Ou bien, s'agit-il d'une posture qui vise à se démarquer en dénigrant "l'autre "et en  le rendant responsable, lui qui n'a pas les outils intellectuels et matériels, de la situation du pays ?

Au contraire, ce qu'il faut noter , c'est véritablement cette absence de travail et d'effort des " travailleurs intellectuels" qui, dans leur grande majorité, se contentent d'exprimer leur mépris pour le peuple tout en nourrissant leur oeuvres de la culture populaire de manière plus "voyeuse" que dynamique.  Un fonds de commerce destiné  principalement aux maisons d'éditions étrangères. Une démarche à l'inverse des Roumain ou Alexis,  Maire Chauvet, Laraque, et bien d'autres,  qui ont appuyé et soutenu le travail et les efforts des Haïtiens.

Le plus ennuyeux dans cette histoire, c'est que beaucoup des membres du "Collectif Non" sont des enseignants, des artistes, etc, donc des communicants, des passeurs de savoir.  Ils pèsent lourd dans la formation des jeunes têtes pour lesquels ils sont des référents, des modèles.

Et ça, c'est tout le désastre de l'éducation haïtienne, dont on parle peu, mettant la responsabilité sur l'Etat. Cette éducation qui est managée dans des écoles et universités privées par des "héritiers des Duvalier"  ayant eux-mêmes fait leurs classes dans les écoles primaires et secondaires de la papadocratie. Et qui, de ce fait, sont capables d'asséner sans recul et toute honte bue ,ce genre de phrases non seulement fausses mais qui vont dans le sens de la propagande qui veut faire croire aux Haïtiens qu'ils sont nuls, que leur histoire ne vaut rien et que la" Perle des Antilles" était un paradis pour leurs ancêtres esclaves.

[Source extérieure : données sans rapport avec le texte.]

(* For $n\in\mathbb{N}$ let $X_n=(\sum_{i=1}^{2n}\oplus\ell_2)_{\ell_1}$ and $Y_n=(\sum_{i=1}^{2n}\oplus\ell_2)_{\ell_\infty}$, and let $\mathcal{X}=(\sum_{n}\oplus(X_n\oplus Y_n))_{\ell_2}$, i.e. the space of $x=\sum_n(x_n+y_n)$ with $x_n=(x_{n(1)},\ldots,x_{n(2n)})\in X_n$, $y_n=(y_{n(1)},\ldots,y_{n(2n)})\in Y_n$, normed by $\|x\|^2=\sum_n\big((\sum_{j=1}^{2n}\|x_{n(j)}\|)^2+(\max_{1\le j\le 2n}\|y_{n(j)}\|)^2\big)$. Then $\mathcal{X}$ fails the UALS property.
   Context: A Banach space $X$ satisfies the UALS property if there exists $C>0$ such that for every convex norm-compact $W\subset\mathcal{L}(X)$, every $A\in\mathcal{L}(X)$ and $\varepsilon>0$ such that for every $x$ in the unit ball of $X$ there is $B\in W$ with $\|A(x)-B(x)\|\le\varepsilon$, there exist a closed finite-codimensional subspace $Y$ of $X$ and $B\in W$ with $\|(A-B)|_Y\|_{\mathcal{L}(Y,X)}\le C\varepsilon$. *)

From HB Require Import structures.
From mathcomp Require Import all_boot all_order all_algebra.
From mathcomp Require Import all_classical all_reals all_analysis.
From Stdlib Require List.
Set Implicit Arguments. Unset Strict Implicit. Unset Printing Implicit Defensive.
Import Order.TTheory GRing.Theory Num.Theory.
Local Open Scope classical_set_scope.
Local Open Scope ring_scope.

(* Generic notions for a normed space given as a linear subspace S of an     *)
(* ambient vector space V with norm nrm (only its values on S matter).       *)
Section Generic.
Variables (R : realType) (V : lmodType R) (S : set V) (nrm : V -> R).

(* L(S): bounded linear operators S -> S.  An operator is represented by a
   function V -> V, normalised to vanish outside S, so that elements of L(S)
   are in bijection with such functions. *)
Definition bounded_op (A : V -> V) : Prop :=
  [/\ (forall x, S x -> S (A x)),
      (forall (a : R) x y, S x -> S y -> A (a *: x + y) = a *: A x + A y),
      (exists M : R, forall x, S x -> nrm (A x) <= M * nrm x) &
      (forall x, ~ S x -> A x = 0)].

Definition opdist (A B : V -> V) : R :=
  sup [set nrm (A x - B x) | x in [set x | S x /\ nrm x <= 1]].

Definition op_open (U : set (V -> V)) : Prop :=
  forall A, bounded_op A -> U A ->
    exists2 r : R, 0 < r & forall B, bounded_op B -> opdist A B < r -> U B.

Definition op_compact (W : set (V -> V)) : Prop :=
  W `<=` bounded_op /\
  forall (I : Type) (U : I -> set (V -> V)),
    (forall i, op_open (U i)) ->
    (forall A, W A -> exists i, U i A) ->
    exists F : seq I, forall A, W A -> exists2 i, List.In i F & U i A.

Definition op_convex (W : set (V -> V)) : Prop :=
  forall A B (t : R), W A -> W B -> 0 <= t <= 1 ->
    W (fun x => t *: A x + (1 - t) *: B x).

Definition closed_fincodim_subspace (Y : set V) : Prop :=
  [/\ Y `<=` S, Y 0,
      (forall (a : R) x y, Y x -> Y y -> Y (a *: x + y)),
      (forall x, S x -> (forall e : R, 0 < e -> exists2 y, Y y & nrm (x - y) < e) -> Y x) &
      (exists (m : nat) (v : 'I_m -> V), (forall i, S (v i)) /\
         forall x, S x -> exists y (c : 'I_m -> R),
           Y y /\ x = y + \sum_(i < m) c i *: v i)].

Definition UALS : Prop :=
  exists C : R, 0 < C /\
    forall W : set (V -> V), op_convex W -> op_compact W ->
    forall A, bounded_op A ->
    forall eps : R, 0 < eps ->
      (forall x, S x -> nrm x <= 1 -> exists2 B, W B & nrm (A x - B x) <= eps) ->
      exists Y B, [/\ closed_fincodim_subspace Y, W B &
        forall y, Y y -> nrm y <= 1 -> nrm (A y - B y) <= C * eps].

End Generic.

(* A vector is v : nat -> bool -> nat -> nat -> R, where v n false j is the   *)
(* l_2-component x_{n(j+1)} of x_n in X_n, v n true j is y_{n(j+1)} in Y_n,  *)
(* (j < 2n), and the last nat indexes the coordinates in l_2.               *)
Section Concrete.
Variable R : realType.

Definition Ecar := nat -> bool -> nat -> nat -> R^o.
HB.instance Definition _ := GRing.Lmodule.on Ecar.

Definition l2sq (u : nat -> R) : \bar R :=
  (\sum_(0 <= k <oo) ((u k) ^+ 2)%:E)%E.

Definition cnorm (v : Ecar) (n : nat) (b : bool) (j : nat) : R :=
  Num.sqrt (fine (l2sq (v n b j))).
Lemma psocleP (I : mon n -> Prop) v : mideal I ->
  psocle I p v <->
  (forall i, i <= p -> I (mmul (mvar i) v)) /\ (forall u, ~ I (mmul (mhigh u) v)).
Proof.
move=> idealI; split=> [socle | [I_low no_high] u].
  split=> [i ip | u /socle [i /andP[ip]]]; last by rewrite ffunE ip.
  by apply/socle; exists i; rewrite ip ffunE eqxx.
split=> [Iu | [i /andP[ip ui]]].
  case: (mhighP u) => [[i ip ui] | high_u]; first by exists i; rewrite ip.
  by case: (no_high u); rewrite high_u.
by apply: idealI (I_low i ip) _; apply: mdvd_mmul2r; apply: mdvd_mvar.
Qed.

Local Notation lo := (fun j : 'I_n => j <= p).

Lemma fact_seq_low_high w :
  fact_seq w = filter lo (fact_seq w) ++ filter (predC lo) (fact_seq w).
Proof. by apply: pairwise_filter_cat (pairwise_fact_seq w) => i j; apply: leq_trans. Qed.

Lemma size_low_fact_seq w : size (filter lo (fact_seq w)) = lowdeg w.
Proof. by rewrite size_filter count_fact_seq. Qed.

Lemma lowdeg_le_size w : lowdeg w <= size (fact_seq w).
Proof. by rewrite -size_low_fact_seq size_filter count_size. Qed.

Lemma lowdeg_mon_of_seq s : lowdeg (mon_of_seq s) = count lo s.
Proof. by rewrite -sum_count_mem; apply: eq_bigr => j _; rewrite ffunE. Qed.

Lemma lowdeg_trunc d w : d <= lowdeg w -> lowdeg (trunc d w) = d.
Proof.
move=> d_le; rewrite /trunc (leq_trans d_le (lowdeg_le_size w)) lowdeg_mon_of_seq.
rewrite (fact_seq_low_high w) takel_cat ?size_low_fact_seq //.
set L := take d _; have /eqP-> : count lo L == size L.
  by rewrite -all_count; apply/allP => x /mem_take; rewrite mem_filter => /andP[].
by rewrite size_takel // size_low_fact_seq.
Qed.

Lemma mlow_trunc d w : lowdeg w <= d -> mlow (trunc d w) = mlow w.
Proof.
move=> le_d; case: (leqP d (size (fact_seq w))) => [d_s | s_d]; last first.
  by rewrite /trunc ifN // -ltnNge.
apply/ffunP => j; rewrite !ffunE; case: ifP => // jp.
have no_j : j \notin filter (predC lo) (fact_seq w) by rewrite mem_filter /= jp.
rewrite trunc_count // -[in RHS](count_mem_fact_seq w j) (fact_seq_low_high w).
rewrite take_cat size_low_fact_seq ltnNge le_d /= !count_cat.
by rewrite (count_memPn no_j) (count_memPn (contra (@mem_take _ _ _ _) no_j)).
Qed.
(* Let $\zeta:Q_0\to Q_1$ be a homomorphism between injective right $R$-modules and $T=\operatorname{Ker}(\zeta)$. (1) If $T$ is partial cosilting (with respect to some injective copresentation), then $({}^{\circ}T,\operatorname{Cogen}(T))$ is a torsion pair in $\mathrm{Mod}\text{-}R$. (2) $T$ is cosilting with respect to $\zeta$ if and only if $({}^{\circ}T,\mathcal{B}_\zeta)$ is a torsion pair. (3) If $T$ is cosilting, then $\operatorname{Cogen}(T)=\operatorname{Copres}(T)$.
   Context: All modules are right modules over a unital associative ring $R$. For $\zeta:Q_0\to Q_1$, $\mathcal{B}_\zeta=\{X \mid \operatorname{Hom}_R(X,\zeta) \text{ is an epimorphism}\}$. ${}^{\circ}T=\{X\mid\operatorname{Hom}_R(X,T)=0\}$; $\operatorname{Cogen}(T)$ is the class of modules embeddable in a direct product of copies of $T$; $\operatorname{Copres}(T)$ is the class of modules isomorphic to kernels of homomorphisms between direct products of copies of $T$. An injective copresentation of $T$ is an exact sequence $0\to T\to Q_0\xrightarrow{\zeta}Q_1$ with $Q_0,Q_1$ injective. $T$ is partial cosilting with respect to $\zeta$ if $0\to T\to Q_0\xrightarrow{\zeta}Q_1$ is an injective copresentation, $T\in\mathcal{B}_\zeta$, and $\mathcal{B}_\zeta$ is closed under direct products; $T$ is cosilting with respect to $\zeta$ if $0\to T\to Q_0\xrightarrow{\zeta}Q_1$ is an injective copresentation and $\operatorname{Cogen}(T)=\mathcal{B}_\zeta$; $T$ is (partial) cosilting if it is so with respect to some injective copresentation. *)

(* Right R-modules are modelled as left modules over the
   converse ring R^c, i.e. as [lmodType R^c]; homomorphisms of right
   R-modules are the [{linear M -> N}] maps. *)
From HB Require Import structures.
From mathcomp Require Import all_boot all_order all_algebra.
From Stdlib Require Import ClassicalDescription ClassicalEpsilon FunctionalExtensionality.
Set Implicit Arguments. Unset Strict Implicit. Unset Printing Implicit Defensive.
Import GRing.Theory.
Local Open Scope ring_scope.

(* ---------- classical eqType / choiceType structures (needed to put an
   lmodType structure on arbitrary direct products) ---------- *)
Definition cdec_eq (T : Type) (x y : T) : bool :=
  if excluded_middle_informative (x = y) then true else false.

Lemma cdec_eqP (T : Type) : Equality.axiom (@cdec_eq T).
Proof.
move=> x y; rewrite /cdec_eq; case: excluded_middle_informative => h.
  by constructor. by constructor.
Qed.

Definition cfind (T : Type) (P : pred T) (n : nat) : option T :=
  match excluded_middle_informative (exists x, P x) with
  | left h => Some (proj1_sig (constructive_indefinite_description _ h))
  | right _ => None
  end.

Lemma cfind_correct (T : Type) (P : pred T) n x : cfind P n = Some x -> P x.
Proof.
rewrite /cfind; case: excluded_middle_informative => // h [<-].
exact: proj2_sig (constructive_indefinite_description _ h).
Qed.

Lemma cfind_complete (T : Type) (P : pred T) :
  (exists x, P x) -> exists n, cfind P n.
Proof.
by move=> h; exists 0%N; rewrite /cfind; case: excluded_middle_informative.
Qed.

Lemma cfind_ext (T : Type) (P Q : pred T) : P =1 Q -> cfind P =1 cfind Q.
Proof.
by move=> /functional_extensionality PQ n; rewrite PQ.
Qed.

Section DProd.
Variables (R : pzRingType) (I : Type) (M : I -> lmodType R).

Definition dprod : Type := forall i, M i.

HB.instance Definition _ := hasDecEq.Build dprod (@cdec_eqP dprod).
HB.instance Definition _ :=
  hasChoice.Build dprod (@cfind_correct dprod) (@cfind_complete dprod)
    (@cfind_ext dprod).

Definition dp_zero : dprod := fun i => 0.
Definition dp_opp (x : dprod) : dprod := fun i => - x i.
Definition dp_add (x y : dprod) : dprod := fun i => x i + y i.
Definition dp_scale (a : R) (x : dprod) : dprod := fun i => a *: x i.

Lemma dp_addA : associative dp_add.
Proof. by move=> x y z; apply: functional_extensionality_dep => i; exact: addrA. Qed.
Lemma dp_addC : commutative dp_add.
Proof. by move=> x y; apply: functional_extensionality_dep => i; exact: addrC. Qed.
Lemma dp_add0 : left_id dp_zero dp_add.
Proof. by move=> x; apply: functional_extensionality_dep => i; exact: add0r. Qed.
Lemma dp_addN : left_inverse dp_zero dp_opp dp_add.
Proof. by move=> x; apply: functional_extensionality_dep => i; exact: addNr. Qed.

HB.instance Definition _ := GRing.isZmodule.Build dprod dp_addA dp_addC dp_add0 dp_addN.

Lemma dp_scaleA a b v : dp_scale a (dp_scale b v) = dp_scale (a * b) v.
Proof. by apply: functional_extensionality_dep => i; exact: scalerA. Qed.
Lemma dp_scale1 : left_id 1 dp_scale.
Proof. by move=> x; apply: functional_extensionality_dep => i; exact: scale1r. Qed.
Lemma dp_scaleDr : right_distributive dp_scale +%R.
Proof. by move=> a x y; apply: functional_extensionality_dep => i; exact: scalerDr. Qed.
Lemma dp_scaleDl v : {morph dp_scale^~ v : a b / a + b}.
Proof. by move=> a b; apply: functional_extensionality_dep => i; exact: scalerDl. Qed.

HB.instance Definition _ :=
  GRing.Zmodule_isLmodule.Build R dprod dp_scaleA dp_scale1 dp_scaleDr dp_scaleDl.

Definition dp_proj (i : I) (x : dprod) : M i := x i.
End DProd.

Section Modules.
Variable R : nzRingType.
Local Notation Mod := (lmodType R^c).

Definition power (I : Type) (T : Mod) : Mod := dprod (fun _ : I => T).

Definition mclass := Mod -> Prop.

Definition hom_zero (X Y : Mod) : Prop :=
  forall f : {linear X -> Y}, forall x, f x = 0.

Definition injective_module (Q : Mod) : Prop :=
  forall (A B : Mod) (f : {linear A -> B}) (g : {linear A -> Q}),
    injective f -> exists h : {linear B -> Q}, forall a, h (f a) = g a.

Definition exact_copres (T Q0 Q1 : Mod) (iota : {linear T -> Q0})
    (zeta : {linear Q0 -> Q1}) : Prop :=
  injective iota /\ (forall q, zeta q = 0 <-> exists t, iota t = q).

Definition inj_copres (T Q0 Q1 : Mod) (zeta : {linear Q0 -> Q1}) : Prop :=
  [/\ injective_module Q0, injective_module Q1 &
      exists iota : {linear T -> Q0}, exact_copres iota zeta].

(* B_zeta = { X | Hom_R(X, zeta) is an epimorphism } *)
Definition B_class (Q0 Q1 : Mod) (zeta : {linear Q0 -> Q1}) : mclass :=
  fun X => forall g : {linear X -> Q1},
    exists h : {linear X -> Q0}, forall x, zeta (h x) = g x.

Definition perpL (T : Mod) : mclass := fun X => hom_zero X T.

Definition Cogen (T : Mod) : mclass := fun X =>
  exists (I : Type) (f : {linear X -> power I T}), injective f.

Definition Copres (T : Mod) : mclass := fun X =>
  exists (I J : Type) (g : {linear power I T -> power J T})
         (f : {linear X -> power I T}),
    injective f /\ (forall y, g y = 0 <-> exists x, f x = y).

Definition closed_under_products (C : mclass) : Prop :=
  forall (I : Type) (M : I -> Mod), (forall i, C (M i)) -> C (dprod M).

Definition torsion_pair (Tc Fc : mclass) : Prop :=
  (forall X, Tc X <-> (forall Y, Fc Y -> hom_zero X Y)) /\
  (forall Y, Fc Y <-> (forall X, Tc X -> hom_zero X Y)).

Definition partial_cosilting_wrt (T Q0 Q1 : Mod) (zeta : {linear Q0 -> Q1}) : Prop :=
  [/\ inj_copres T zeta, B_class zeta T & closed_under_products (B_class zeta)].

Definition cosilting_wrt (T Q0 Q1 : Mod) (zeta : {linear Q0 -> Q1}) : Prop :=
  inj_copres T zeta /\ (forall X, Cogen T X <-> B_class zeta X).

Definition partial_cosilting (T : Mod) : Prop :=
  exists (Q0 Q1 : Mod) (zeta : {linear Q0 -> Q1}), partial_cosilting_wrt T zeta.

Definition cosilting (T : Mod) : Prop :=
  exists (Q0 Q1 : Mod) (zeta : {linear Q0 -> Q1}), cosilting_wrt T zeta.
End Modules.

From HB Require Import structures.
From mathcomp Require Import all_boot all_order all_algebra.
From Stdlib Require Import ClassicalEpsilon FunctionalExtensionality ProofIrrelevance PropExtensionality.
Set Implicit Arguments. Unset Strict Implicit. Unset Printing Implicit Defensive.
Import GRing.Theory.
Local Open Scope ring_scope.

(* Everything rests on one fact: if Cogen(T) is contained in B_zeta, then every
   Y with Hom(^oT, Y) = 0 is cogenerated by T.  Let K be the reject of T in Y and
   pi : Y -> Y/K.  Since Y/K is cogenerated by T it lies in B_zeta, so for
   f : K -> T and an extension g : Y -> Q0 of iota f we find v with
   g - v pi = iota w for some w : Y -> T.  Both w and pi vanish on K, hence so
   does iota f: K lies in ^oT, so K = 0.  For (3), the same lifting shows that the
   cokernel of the evaluation X -> T^Hom(X,T) lies in B_zeta = Cogen(T), which
   exhibits X as a kernel of a map between products of copies of T. *)

Section LinearMaps.
Variables (S : pzRingType) (U V : lmodType S).

Definition linmap (f : U -> V) (fL : linear f) : {linear U -> V} :=
  HB.pack f (GRing.isLinear.Build S U V *:%R f fL).

End LinearMaps.

Section DprodProj.
Variables (S : pzRingType) (I : Type) (M : I -> lmodType S).

Lemma dp_proj_is_linear (i : I) : linear (@dp_proj S I M i).
Proof. by []. Qed.

HB.instance Definition _ (i : I) :=
  GRing.isLinear.Build S (dprod M) (M i) *:%R (@dp_proj S I M i) (dp_proj_is_linear i).

Lemma dprod_eq0 (y : dprod M) : (forall i, @dp_proj S I M i y = 0) -> y = 0.
Proof. exact: functional_extensionality_dep. Qed.

End DprodProj.

Section Submodule.
Variables (S : pzRingType) (M : lmodType S).

Record submodule := Submodule {
  submem : M -> Prop;
  submem0 : submem 0;
  submemP : forall a x y, submem x -> submem y -> submem (a *: x + y) }.

Variable N : submodule.

Lemma submemD x y : submem N x -> submem N y -> submem N (x + y).
Proof. by move=> Nx Ny; have := submemP 1 Nx Ny; rewrite scale1r. Qed.

Lemma submemZ a x : submem N x -> submem N (a *: x).
Proof. by move=> Nx; have := submemP a Nx (submem0 N); rewrite addr0. Qed.

Lemma submemN x : submem N x -> submem N (- x).
Proof. by move=> /(submemZ (-1)); rewrite scaleN1r. Qed.

Lemma submemB x y : submem N x -> submem N y -> submem N (x - y).
Proof. by move=> Nx /submemN; apply: submemD. Qed.

Definition subm : Type := {x : M | submem N x}.

HB.instance Definition _ := hasDecEq.Build subm (@cdec_eqP subm).
HB.instance Definition _ :=
  hasChoice.Build subm (@cfind_correct subm) (@cfind_complete subm) (@cfind_ext subm).

Definition subm_val (u : subm) : M := proj1_sig u.

Lemma subm_val_inj : injective subm_val.
Proof. by apply: eq_sig_hprop => x p q; apply: proof_irrelevance. Qed.

Definition subm_zero : subm := exist _ 0 (submem0 N).
Definition subm_opp (u : subm) : subm := exist _ _ (submemN (proj2_sig u)).
Definition subm_add (u v : subm) : subm :=
  exist _ _ (submemD (proj2_sig u) (proj2_sig v)).
Definition subm_scale a (u : subm) : subm := exist _ _ (submemZ a (proj2_sig u)).

Lemma subm_addA : associative subm_add.
Proof. by move=> u v w; apply: subm_val_inj; apply: addrA. Qed.
Lemma subm_addC : commutative subm_add.
Proof. by move=> u v; apply: subm_val_inj; apply: addrC. Qed.
Lemma subm_add0 : left_id subm_zero subm_add.
Proof. by move=> u; apply: subm_val_inj; apply: add0r. Qed.
Lemma subm_addN : left_inverse subm_zero subm_opp subm_add.
Proof. by move=> u; apply: subm_val_inj; apply: addNr. Qed.

HB.instance Definition _ :=
  GRing.isZmodule.Build subm subm_addA subm_addC subm_add0 subm_addN.

Lemma subm_scaleA a b u : subm_scale a (subm_scale b u) = subm_scale (a * b) u.
Proof. by apply: subm_val_inj; apply: scalerA. Qed.
Lemma subm_scale1 : left_id 1 subm_scale.
Proof. by move=> u; apply: subm_val_inj; apply: scale1r. Qed.
Lemma subm_scaleDr : right_distributive subm_scale +%R.
Proof. by move=> a u v; apply: subm_val_inj; apply: scalerDr. Qed.
Lemma subm_scaleDl u : {morph subm_scale^~ u : a b / a + b}.
Proof. by move=> a b; apply: subm_val_inj; apply: scalerDl. Qed.

HB.instance Definition _ := GRing.Zmodule_isLmodule.Build S subm
  subm_scaleA subm_scale1 subm_scaleDr subm_scaleDl.

Lemma subm_val_is_linear : linear subm_val.
Proof. by []. Qed.

HB.instance Definition _ :=
  GRing.isLinear.Build S subm M *:%R subm_val subm_val_is_linear.

Lemma subm_valP u : submem N (subm_val u).
Proof. exact: proj2_sig. Qed.

End Submodule.

Section Quotient.
Variables (S : pzRingType) (M : lmodType S) (N : submodule M).

(* Cosets as predicates on M: this needs no decidability of membership in N. *)
Definition coset (m : M) : M -> Prop := fun z => submem N (z - m).

Definition quot : Type := {A : M -> Prop | exists m, A = coset m}.

HB.instance Definition _ := hasDecEq.Build quot (@cdec_eqP quot).
HB.instance Definition _ :=
  hasChoice.Build quot (@cfind_correct quot) (@cfind_complete quot) (@cfind_ext quot).
Lemma swap_ij_Iabc :
  {in @Iabc K a b c, forall p, subst (@swap_ij a b c) p \in @Iabc K b a c}.
Proof.
apply: subst_Iabc => _ [[i1 [i2 [[k1 j1] [[k2 j2] [_ [_ ->]]]]]]|
                        [[k1 i1] [[k2 i2] [j1 [j2 [_ [_ ->]]]]]]].
- rewrite [X in X \in _](_ : _ = minor2 (@vcat K b a c) (k1, j1) (k2, j2) i1 i2)
    ?vcat_minor_Iabc //.
  by rewrite /minor2 /hcat /vcat rmorphB !rmorphM /=
    !subst_xv /swap_ij /=; ring.
- rewrite [X in X \in _](_ : _ = minor2 (@hcat K b a c) j1 j2 (k1, i1) (k2, i2))
    ?hcat_minor_Iabc //.
  by rewrite /minor2 /hcat /vcat rmorphB !rmorphM /=
    !subst_xv /swap_ij /=; ring.
Qed.

Lemma swap_jk_Iabc :
  {in @Iabc K a b c, forall p, subst (@swap_jk a b c) p \in @Iabc K a c b}.
Proof.
apply: subst_Iabc => _ [[i1 [i2 [[k1 j1] [[k2 j2] [_ [_ ->]]]]]]|
                        [[k1 i1] [[k2 i2] [j1 [j2 [_ [_ ->]]]]]]].
- rewrite [X in X \in _](_ : _ = minor2 (@hcat K a c b) i1 i2 (j1, k1) (j2, k2))
    ?hcat_minor_Iabc //.
  by rewrite /minor2 /hcat rmorphB !rmorphM /=
    !subst_xv /swap_jk /=; ring.
- rewrite [X in X \in _]
    (_ : _ = minor2 (@tube_mat K a c b) (i1, k1) (i2, k2) j1 j2)
    ?tube_minor_Iabc //.
  by rewrite /minor2 /vcat /tube_mat rmorphB !rmorphM /=
    !subst_xv /swap_jk /=; ring.
Qed.

Lemma swap_ijK : cancel (subst (@swap_ij a b c)) (subst (@swap_ij b a c)).
Proof.
move=> p; rewrite subst_comp -[RHS]subst_varE; apply: eq_subst => -[[i j] k].
by rewrite /= subst_xv.
Qed.

Lemma swap_jkK : cancel (subst (@swap_jk a b c)) (subst (@swap_jk a c b)).
Proof.
move=> p; rewrite subst_comp -[RHS]subst_varE; apply: eq_subst => -[[i j] k].
by rewrite /= subst_xv.
Qed.

End Transpositions.

Lemma quot_isomorphic_swap_ij K a b c : quot_isomorphic K a b c b a c.
Proof.
by apply: quot_isomorphic_of_subst
  (@swap_ij_Iabc K a b c) (@swap_ij_Iabc K b a c)
  (@swap_ijK K a b c) (@swap_ijK K b a c).
Qed.

Lemma quot_isomorphic_swap_jk K a b c : quot_isomorphic K a b c a c b.
Proof.
by apply: quot_isomorphic_of_subst
  (@swap_jk_Iabc K a b c) (@swap_jk_Iabc K a c b)
  (@swap_jkK K a b c) (@swap_jkK K a c b).
Qed.

Lemma perm_eq_pair (T : eqType) (x y x' y' : T) :
  perm_eq [:: x; y] [:: x'; y'] ->
  (x', y') = (x, y) \/ (x', y') = (y, x).
Proof.
move/perm_consP => [j [w [ew /perm_small_eq w1]]]; rewrite w1 // in ew.
by case: j ew => [|[|j]] /= [-> ->]; [left | right | left].
Qed.

Lemma perm_eq_triple (T : eqType) (m n r m' n' r' : T) :
  perm_eq [:: m; n; r] [:: m'; n'; r'] ->
  (m', n', r') = (m, n, r) \/ (m', n', r') = (m, r, n) \/
  (m', n', r') = (n, m, r) \/ (m', n', r') = (n, r, m) \/
  (m', n', r') = (r, m, n) \/ (m', n', r') = (r, n, m).
Proof.
move/perm_consP => [i [u [eu]]].
by case: i eu => [|[|[|i]]] /= [<- <-] /perm_eq_pair [] [-> ->];
  do ?[by left | right].
Qed.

Les Haïtiens ne sont pas nuls. Les Haïtiens, comme les Indiens d'Amérique Latine ou ceux du Canada, comme tout peuple nié,  exploité et méprisé, peuvent tomber dans le désespoir qui conduit à toutes sortes de turpitudes.

Tant que l'éducation et la transmission des connaissances seront monopolisés par ce groupe de farfelus, limite schizophrènes, les Haïtiens continueront à faire des efforts démesurés, quasi inhumains pour garder la tête hors de la boue dans laquelle ces VIP du "Collectif Non", ont plaisir  par des petites phrases assassines à les enfouir.

Sans compter que, c'est faire comme si le travail des Haïtiens et leurs efforts n'étaient pas empêchés par  une clique qui préfère  les voir dans les bateyes, en tant que  boatpeople, ou dans les universités étrangères, plutôt que de déranger le statu quo, dont ces mêmes éminents personnages bénéficient peu ou prou.

Il me semble qu'il est  de notre devoir  de lutter contre ce dénigrement systématique et gratuit du peuple haïtien.

Bref " Qui fait l'ange, fait la bête". C'est Pascal  (le philosophe français) qui l'a dit.